Goal of the exercise :: What lines below mention the word "induction"? Copy each one.

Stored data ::
+-------+

(* The countability, nonemptiness and surjectivity hypotheses belong to the paper's
   standing assumptions on labelled graphs; the correspondence does not use them. *)
Theorem mainTheorem8 (G : LGraph) (B : vset G -> Prop)
  (HV : inhabited (V G)) (HVc : countable (V G)) (HEc : countable (Ed G))
  (Hsurj : forall l : Al G, exists e, lab G e = l)
  (Hacc : accommodating G B) (Hwlr : weakly_left_resolving G B) :
  (forall (a : nat -> Al G) (F : nat -> vset G -> Prop),
      Linf G a -> complete_family G B a F ->
      filter_ES G B (Phi G B a F) /\ infinite_type G (Phi G B a F) /\
      word_of G (Phi G B a F) a /\
      (forall n A, xi_n G B (Phi G B a F) a n A <-> F n A)) /\
  (forall (xi : ES G -> Prop) (a : nat -> Al G),
      filter_ES G B xi -> infinite_type G xi -> word_of G xi a ->
      complete_family G B a (xi_n G B xi a) /\
      (forall x, Phi G B a (xi_n G B xi a) x <-> xi x)).
Proof.
  split.
  - intros a F Ha HF. split; [|split; [|split]].
    + apply Phi_is_filter; assumption.
    + apply Phi_infinite_type; assumption.
    + apply Phi_word_of; assumption.
    + intros n A. apply xi_n_Phi; assumption.
  - intros xi a Hxi Hinf Hword. split.
    + apply xi_n_complete; assumption.
    + intros x. apply Phi_xi_n; assumption.
Qed.
(* Let $P$ be a projection algebra. If $p_1,\dots,p_k,q_1,\dots,q_l\in P$ satisfy $p_1\,\mathscr F\,p_2\,\mathscr F\cdots\mathscr F\,p_k$ and $q_1\,\mathscr F\,q_2\,\mathscr F\cdots\mathscr F\,q_l$, then $\theta_{p_1}\cdots\theta_{p_k}=\theta_{q_1}\cdots\theta_{q_l}$ implies $p_k=q_l$, and $\delta_{p_k}\cdots\delta_{p_1}=\delta_{q_l}\cdots\delta_{q_1}$ implies $p_1=q_1$.
   Context: Maps are written to the right of their arguments and composed left to right. A projection algebra is a set $P$ with maps $\theta_p,\delta_p:P\to P$ ($p\in P$) such that for all $p,q\in P$: $p\theta_p=p$, $p\delta_p=p$; $p\theta_{q\theta_p}=q\theta_p$, $p\delta_{q\delta_p}=q\delta_p$; $\theta_q\theta_{q\theta_p}=\theta_q\theta_p$, $\delta_q\delta_{q\delta_p}=\delta_q\delta_p$; $\theta_p\delta_p=\theta_p$, $\delta_p\theta_p=\delta_p$; $\theta_{p\delta_q}\theta_p=\theta_q\theta_p$, $\delta_{p\theta_q}\delta_p=\delta_q\delta_p$. The relation $p\,\mathscr F\,q$ means $p=q\delta_p$ and $q=p\theta_q$. *)

From Stdlib Require Import List.
Import ListNotations.

(* Maps are written on the right and composed left to right.
   [theta p x] stands for  x θ_p  and [delta p x] for  x δ_p. *)
Record ProjAlg : Type := {
  carrier :> Type;
  theta : carrier -> carrier -> carrier;
  delta : carrier -> carrier -> carrier;
  ax_theta_id : forall p, theta p p = p;
  ax_delta_id : forall p, delta p p = p;
  ax_theta_2 : forall p q, theta (theta p q) p = theta p q;
  ax_delta_2 : forall p q, delta (delta p q) p = delta p q;
  ax_theta_3 : forall p q x, theta (theta p q) (theta q x) = theta p (theta q x);
  ax_delta_3 : forall p q x, delta (delta p q) (delta q x) = delta p (delta q x);
  ax_td : forall p x, delta p (theta p x) = theta p x;
  ax_dt : forall p x, theta p (delta p x) = delta p x;
  ax_theta_5 : forall p q x, theta p (theta (delta q p) x) = theta p (theta q x);
  ax_delta_5 : forall p q x, delta p (delta (theta q p) x) = delta p (delta q x)
}.

Section Defs.
Variable P : ProjAlg.

Definition relF (p q : P) : Prop := p = delta P p q /\ q = theta P q p.

Fixpoint Fchain (p : P) (ps : list P) : Prop :=
  match ps with
  | [] => True
  | q :: qs => relF p q /\ Fchain q qs
  end.

(* θ_{p_1} θ_{p_2} ... θ_{p_k}  (first apply θ_{p_1}, then θ_{p_2}, ...) *)
Definition theta_word (ps : list P) : P -> P :=
  fun x => fold_left (fun y p => theta P p y) ps x.
Definition delta_word (ps : list P) : P -> P :=
  fun x => fold_left (fun y p => delta P p y) ps x.
End Defs.

From Stdlib Require Import List.
Import ListNotations.

(* Along an F-chain p_1 F ... F p_k the word θ_{p_1}...θ_{p_k} sends p_1 to p_k, and its image is
   fixed by θ_{p_k}.  If two chain words agree, each last element is therefore fixed by the other's
   θ, and the axiom p θ_{q θ_p} = q θ_p forces them to coincide.  Dually, the reversed δ-word sends
   p_k to p_1 and has image fixed by δ_{p_1}. *)

Lemma last_cons {A : Type} (q p : A) (qs : list A) : last (q :: qs) p = last qs q.
Proof.
  revert q p; induction qs as [|a qs IH]; intros q p; [reflexivity|].
  change (last (a :: qs) p = last (a :: qs) q). now rewrite !IH.
Qed.

Section ProjectionAlgebra.
Variable P : ProjAlg.

Lemma theta_idem (p x : P) : theta P p (theta P p x) = theta P p x.
Proof. rewrite <- (ax_td P p x) at 1. rewrite ax_dt. apply ax_td. Qed.

Lemma delta_idem (p x : P) : delta P p (delta P p x) = delta P p x.
Proof. rewrite <- (ax_dt P p x) at 1. rewrite ax_td. apply ax_dt. Qed.

Lemma theta_antisym (p q : P) : theta P q p = p -> theta P p q = q -> p = q.
Proof.
  intros Hp Hq. pose proof (ax_theta_2 P p q) as E.
  rewrite Hq, Hp in E. exact E.
Qed.

Lemma delta_antisym (p q : P) : delta P q p = p -> delta P p q = q -> p = q.
Proof.
  intros Hp Hq. pose proof (ax_delta_2 P p q) as E.
  rewrite Hq, Hp in E. exact E.
Qed.

Lemma theta_word_cons (p : P) (ps : list P) (x : P) :
  theta_word P (p :: ps) x = theta_word P ps (theta P p x).
Proof. reflexivity. Qed.

Lemma delta_word_snoc (ps : list P) (p x : P) :
  delta_word P (ps ++ [p]) x = delta P p (delta_word P ps x).
Proof. unfold delta_word. now rewrite fold_left_app. Qed.

Lemma theta_word_Fchain (p : P) (ps : list P) :
  Fchain P p ps -> theta_word P (p :: ps) p = last ps p.
Proof.
  rewrite theta_word_cons, ax_theta_id.
  revert p; induction ps as [|q qs IH]; intros p Hchain; [reflexivity|].
  destruct Hchain as [[_ Hq] Hchain].
  rewrite theta_word_cons, <- Hq, last_cons. now apply IH.
Qed.

Lemma theta_word_fixed (p : P) (ps : list P) (x : P) :
  theta P (last ps p) (theta_word P (p :: ps) x) = theta_word P (p :: ps) x.
Proof.
  revert p x; induction ps as [|q qs IH]; intros p x.
  - apply theta_idem.
  - rewrite last_cons, theta_word_cons. apply IH.
Qed.

Lemma delta_word_rev_Fchain (p : P) (ps : list P) :
  Fchain P p ps -> delta_word P (rev (p :: ps)) (last ps p) = p.
Proof.
  revert p; induction ps as [|q qs IH]; intros p Hchain.
  - apply ax_delta_id.
  - destruct Hchain as [[Hp _] Hchain].
    change (rev (p :: q :: qs)) with (rev (q :: qs) ++ [p]).
    rewrite delta_word_snoc, last_cons, IH by exact Hchain.
    now symmetry.
Qed.

Lemma delta_word_rev_fixed (p : P) (ps : list P) (x : P) :
  delta P p (delta_word P (rev (p :: ps)) x) = delta_word P (rev (p :: ps)) x.
Proof.
  change (rev (p :: ps)) with (rev ps ++ [p]).
  rewrite delta_word_snoc. apply delta_idem.
Qed.

End ProjectionAlgebra.

Theorem lemma4p14 (P : ProjAlg) (p1 : P) (ps : list P) (q1 : P) (qs : list P) :
  Fchain P p1 ps -> Fchain P q1 qs ->
  ((forall x : P, theta_word P (p1 :: ps) x = theta_word P (q1 :: qs) x) ->
     last ps p1 = last qs q1) /\
  ((forall x : P, delta_word P (rev (p1 :: ps)) x = delta_word P (rev (q1 :: qs)) x) ->
     p1 = q1).
Proof.
  intros Hp Hq. split; intros Hw.
  - apply theta_antisym.
    + rewrite <- (theta_word_Fchain P p1 ps Hp), Hw. apply theta_word_fixed.
    + rewrite <- (theta_word_Fchain P q1 qs Hq), <- Hw. apply theta_word_fixed.
  - apply delta_antisym.
    + rewrite <- (delta_word_rev_Fchain P p1 ps Hp), Hw. apply delta_word_rev_fixed.
    + rewrite <- (delta_word_rev_Fchain P q1 qs Hq), <- Hw. apply delta_word_rev_fixed.
Qed.
Section TransferSign.
Variables (R : realDomainType) (n : nat) (a b c : nat -> R) (u v : nat -> R * R).
Hypotheses (b_ge0 : forall j, (j < n)%N -> 0 <= b j) (c_ge0 : forall j, (j < n)%N -> 0 <= c j).
Hypotheses (u_step : forall j, (j < n)%N -> u j.+1 = transfer (a j) (b j) (c j) (u j))
           (v_step : forall j, (j < n)%N -> v j.+1 = transfer (a j) (b j) (c j) (v j)).
Hypothesis cross0_le0 : cross (u 0) (v 0) <= 0.

Lemma cross_transfer_sign j : (j <= n)%N -> 0 <= (-1) ^+ j.+1 * cross (u j) (v j).
Proof.
elim: j => [|j IH] jn; first by rewrite expr1 mulN1r oppr_ge0.
rewrite u_step // v_step // cross_transfer.
have -> : (-1) ^+ j.+2 * (- (b j * c j) * cross (u j) (v j)) =
          b j * c j * ((-1) ^+ j.+1 * cross (u j) (v j)) by rewrite exprS; ring.
by rewrite mulr_ge0 ?IH 1?ltnW // mulr_ge0 ?b_ge0 ?c_ge0.
Qed.

Lemma transfer_last_sign : (0 < n)%N ->
  if odd n then (v n).1 * (u n.-1).1 <= (v n.-1).1 * (u n).1
  else (v n.-1).1 * (u n).1 <= (v n).1 * (u n.-1).1.
Proof.
move=> n_gt0; have [m nE] : exists m, n = m.+1 by exists n.-1; rewrite prednK.
have mn : (m < n)%N by rewrite nE.
rewrite nE /=; have := cross_transfer_sign (ltnW mn); rewrite -signr_odd /=.
have := transfer_fst_cross (a m) (b m) (c m) (u m) (v m); rewrite -u_step // -v_step // => diff.
case: (odd m) => /=; rewrite ?expr1 ?expr0 ?mul1r ?mulN1r ?oppr_ge0 => cross_sign.
  by rewrite -subr_ge0 diff mulr_ge0 ?b_ge0.
by rewrite -subr_le0 diff mulr_ge0_le0 ?b_ge0.
Qed.
End TransferSign.

Lemma setD_chain (T : finType) (A B C : {set T}) :
  C \subset B -> B \subset A -> A :\: C = (A :\: B) :|: (B :\: C).
Proof.
move=> /subsetP CB /subsetP BA; apply/setP => v; rewrite !inE.
by case: (boolP (v \in B)) => [/BA -> | /(contraNN (CB v)) /negbTE ->]; rewrite ?orbF.
Qed.

Section NestedSlices.
Variables (R : realDomainType) (V : finType) (e : rel V) (x : V -> R) (w : {set V} -> R).
Hypotheses (e_sym : symmetric e) (x_ge0 : forall v, 0 <= x v)
           (w_ge0 : forall f, is_edge e f -> 0 <= w f).
Variables (U : nat -> {set V}) (c : nat -> V) (n : nat).
Hypotheses (U_decr : forall k, U k.+1 \subset U k)
           (c_in : forall k, (k <= n)%N -> c k \in U k)
           (c_notin : forall k, (k <= n)%N -> c k \notin U k.+1)
           (c_edge : forall k, (k < n)%N -> e (c k) (c k.+1))
           (U_boundary : forall k u y, (0 < k <= n)%N -> u \in U k -> y \notin U k -> e u y ->
              u = c k /\ y = c k.-1).

Local Notation Z := (Zmd e x w).

Let slice i j := U i :\: U j.+1.
Let slice_vec i j := (Z (slice i j), Z (slice i j :\ c j)).

Lemma U_monotone i j : (i <= j)%N -> U j \subset U i.
Proof.
elim: j => [|j IH]; first by rewrite leqn0 => /eqP ->.
by rewrite leq_eqVlt ltnS => /predU1P [-> //|/IH]; apply: subset_trans.
Qed.

Lemma slice_step i j : (i <= j < n)%N ->
  slice_vec i j.+1 = transfer (Z (slice j.+1 j.+1))
    (w [set c j; c j.+1] * Z (slice j.+1 j.+1 :\ c j.+1)) (Z (slice j.+1 j.+1 :\ c j.+1))
    (slice_vec i j).
Proof.
case/andP => ij jn.
have split_slice : slice i j.+1 = slice i j :|: slice j.+1 j.+1.
  exact: setD_chain (U_decr _) (U_monotone (leqW ij)).
have dslice : [disjoint slice i j & slice j.+1 j.+1].
  by apply/pred0P => v /=; rewrite !inE; case: (v \in U j.+1); rewrite ?andbF.
have cj1_in : c j.+1 \in slice j.+1 j.+1 by rewrite inE c_notin // c_in.
rewrite /slice_vec /transfer /=; congr pair.
  have cj_in : c j \in slice i j.
    by rewrite inE c_notin ?(ltnW jn) // (subsetP (U_monotone ij)) ?c_in ?(ltnW jn).
  rewrite split_slice (Zmd_bridge _ _ e_sym dslice cj_in cj1_in) ?c_edge //.
    by rewrite [Z (slice i j) * _]mulrC [Z (slice i j :\ c j) * _]mulrC mulrA.
  move=> u y; rewrite !inE => /andP [uN _] /andP [_ yU]; rewrite e_sym => eyu.
  by have [-> ->] := U_boundary (jn : (0 < j.+1 <= n)%N) yU uN eyu.
rewrite split_slice setDUl (setDidPl (_ : [disjoint slice i j & [set c j.+1]])); last first.
  by rewrite disjoint_sym disjoints1 inE c_in // andbF.
rewrite Zmd_setU //; first exact: mulrC.
  by apply: disjointWr (subsetDl _ _) dslice.
move=> u y; rewrite !inE => /andP [uN _] /and3P [yc _ yU]; rewrite e_sym; apply/negP => eyu.
by have [/eqP] := U_boundary (jn : (0 < j.+1 <= n)%N) yU uN eyu; rewrite (negbTE yc).
Qed.

Lemma nested_slices_sign : (0 < n)%N ->
  if odd n then Z (U 1 :\: U n.+1) * Z (U 0 :\: U n) <= Z (U 1 :\: U n) * Z (U 0 :\: U n.+1)
  else Z (U 1 :\: U n) * Z (U 0 :\: U n.+1) <= Z (U 1 :\: U n.+1) * Z (U 0 :\: U n).
Proof.
move=> n_gt0; pose v j := if j is 0 then (1, 0) else slice_vec 1 j.
have v1 j : (v j).1 = Z (slice 1 j) by case: j => //=; rewrite /slice setDv Zmd_set0.
have Z_ge0 S : 0 <= Z S by apply: Zmd_ge0.
have := @transfer_last_sign R n (fun j => Z (slice j.+1 j.+1))
  (fun j => w [set c j; c j.+1] * Z (slice j.+1 j.+1 :\ c j.+1))
  (fun j => Z (slice j.+1 j.+1 :\ c j.+1)) (slice_vec 0) v.
rewrite !v1 /= /slice prednK //; apply=> //.
- move=> j jn; rewrite mulr_ge0 // w_ge0 //.
  by apply/is_edgeP; exists (c j), (c j.+1); rewrite c_edge.
- by move=> j jn; apply: slice_step.
- case=> [|j] jn; last exact: slice_step.
  by rewrite /transfer /= mulr1 mulr0 addr0 mulr1.
- by rewrite /cross /= mulr0 mulr1 sub0r oppr_le0.
Qed.
End NestedSlices.

Theorem lemma5p2 (R : realFieldType) (V : finType) (e : rel V)
    (x : V -> R) (w : {set V} -> R)
    (c0 : V) (p : seq V) :
  is_tree e ->
  (forall v, 0 < x v) ->
  (forall f, is_edge e f -> 0 < w f) ->
  path e c0 p -> uniq (c0 :: p) -> (1 <= size p)%N ->
  let c1 := head c0 p in
  let cl := last c0 p in
  let T1 := subtree e c0 c1 in
  let Tl := subtree e c0 cl in
  if odd (size p)
  then Zmd e x w T1 * Zmd e x w (~: Tl) <= Zmd e x w (T1 :\: Tl) * Zmd e x w setT
  else Zmd e x w (T1 :\: Tl) * Zmd e x w setT <= Zmd e x w T1 * Zmd e x w (~: Tl).
Proof.
move=> tree x_gt0 w_gt0 p_path p_uniq p_ne /=.
have e_sym : symmetric e by case: tree => -[].
have := nested_slices_sign e_sym (fun v => ltW (x_gt0 v)) (fun f ef => ltW (w_gt0 f ef))
  (path_subtree_decr tree p_path p_uniq) (nth_in_path_subtree tree p_path p_uniq)
  (nth_notin_path_subtree tree p_path p_uniq) (pathP c0 p_path)
  (path_subtree_boundary tree p_path p_uniq) p_ne.
rewrite (path_subtree_out e c0 (ltnSn _)) !path_subtreeE // !setD0 subtree_root // setTD.
by rewrite -[size p]/(size (c0 :: p)).-1 nth_last.
Qed.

+-------+

Exercise result ::
  revert q p; induction qs as [|a qs IH]; intros q p; [reflexivity|].
  revert p; induction ps as [|q qs IH]; intros p Hchain; [reflexivity|].
  revert p x; induction ps as [|q qs IH]; intros p x.
  revert p; induction ps as [|q qs IH]; intros p Hchain.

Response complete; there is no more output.